Zika, the mosquito-borne virus that has been creating a buzz lately, may not be as hazardous for spring break travelers as some shocking headlines may suggest.
“I think it’s really being blown out of proportion. It’s not really any worse than having a bad fever,” Dr. Sarah Stewart from the University of Maine’s Cutler Health Center said. “It’s kind of like having a really bad flu.”
According to the Center for Disease Control and Prevention (CDC), one in five people who become infected with the Zika virus will display the illness’ mild symptoms of fever, joint pain, rash and conjunctivitis.
“The thing is, people go to these countries that have the Zika virus all of the time for spring break. Countries that have dengue and yellow fever, which give these same symptoms passed by mosquito bite,” Dr. Stewart said. “We very seldom see anyone coming back with these diseases.”
Dr. Stewart believes that the hype surrounding the virus has been caused by birth defects in Brazil that may have a connection to Zika. According to Dr. Stewart, there has been no reported evidence that can confirm the connection.
Although the chance of developing any serious medical issues as a result of the Zika virus during spring break is slim, some UMaine students and parents are still worried.
UMaine Nursing International is a group of nursing students led by Susan Wheaton. They plan to travel to Panama to provide healthcare over spring break. The group, which originally consisted of 12 students, has already lost one due to concern about the virus.

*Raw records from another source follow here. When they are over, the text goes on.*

Lemma inT_word_of_bvec b : inB m.+1 d k b ->
  exists2 w : m.+1.-tuple bool, inT m.+1 d k w & bvec w = b.
Proof.
move=> /and4P [/eqP size_b b_pos /eqP sum_b ones_k].
have size_w : size (word_of_bvec b) == m.+1 by rewrite size_word_of_bvec // sum_b.
exists (Tuple size_w); last exact: word_of_bvecK.
have b_nil : b != [::] by apply: contraTneq lt_k_d => b_nil; rewrite -size_b b_nil.
rewrite inT_spec //= last_word_of_bvec // count_word_of_bvec size_b eqxx.
by rewrite S_prefix_word_of_bvec.
Qed.

End ThresholdWordsOfBvectors.

Theorem mainTheorem4 (n d k : nat) (hkd : k < d) (hdn : d <= n) :
  [/\ {in inT n d k &, injective (fun w : n.-tuple bool => bvec w)},
      (forall w : n.-tuple bool, inT n d k w -> inB n d k (bvec w)),
      (forall b : seq nat, inB n d k b ->
         exists2 w : n.-tuple bool, inT n d k w & bvec w = b),
      #|[set w : n.-tuple bool | inT n d k w]| = 'C(n - k - 1, d - k - 1) &
      exists2 s : seq (seq nat),
        uniq s /\ (forall b, (b \in s) = inB n d k b)
        & size s = 'C(n - k - 1, d - k - 1)].
Proof.
case: n hdn => [|m] hdn; first by case: d hkd hdn.
have inj : {in inT m.+1 d k &, injective (fun w : m.+1.-tuple bool => bvec w)}.
  move=> w1 w2; rewrite /in_mem /= !inT_spec // => /and3P [last1 _ _] /and3P [last2 _ _].
  by move/(bvec_inj last1 last2)/val_inj.
pose A := [set w : m.+1.-tuple bool | inT m.+1 d k w].
split; [exact: inj | exact: inB_bvec | exact: inT_word_of_bvec | exact: card_inT |].
exists [seq bvec w | w : m.+1.-tuple bool <- enum A];
  last by rewrite size_map -cardE card_inT.
split=> [|b].
  by rewrite map_inj_in_uniq ?enum_uniq // => w1 w2; rewrite !mem_enum !inE; apply: inj.
apply/mapP/idP => [[w] | /(inT_word_of_bvec hkd) [w w_inT <-]].
  by rewrite mem_enum inE => /(inB_bvec hkd) + ->.
by exists w; rewrite // mem_enum inE.
Qed.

“I worry about malaria, yellow fever and water contamination equally as much as I worry about Zika,” Wheaton said. “All of them weigh the same.”
“I understand if parents are concerned and don’t necessarily want their students to go, but I think standard precautions are more than adequate.”
In fact, Dr. Stewart plans to soon travel to Puerto Rico, where there is currently a Zika outbreak, for a conference. She urges travelers to stay smart and be prepared.
Because there is no preventative vaccine for the Zika virus, the CDC suggests wearing long-sleeved shirts and long pants and using insect repellents registered by the Environmental Protection Agency when traveling to affected areas.
There is also no specific medicine for treatment of Zika virus infections, but rest, fluids to prevent dehydration and acetaminophen to combat fever and pain are the CDC’s suggested forms of treatment.
“If anyone goes to Mexico over break and gets fever and rash and what-not, come in and we’ll take a look,” Dr. Stewart said. “We’re here if anyone has questions.”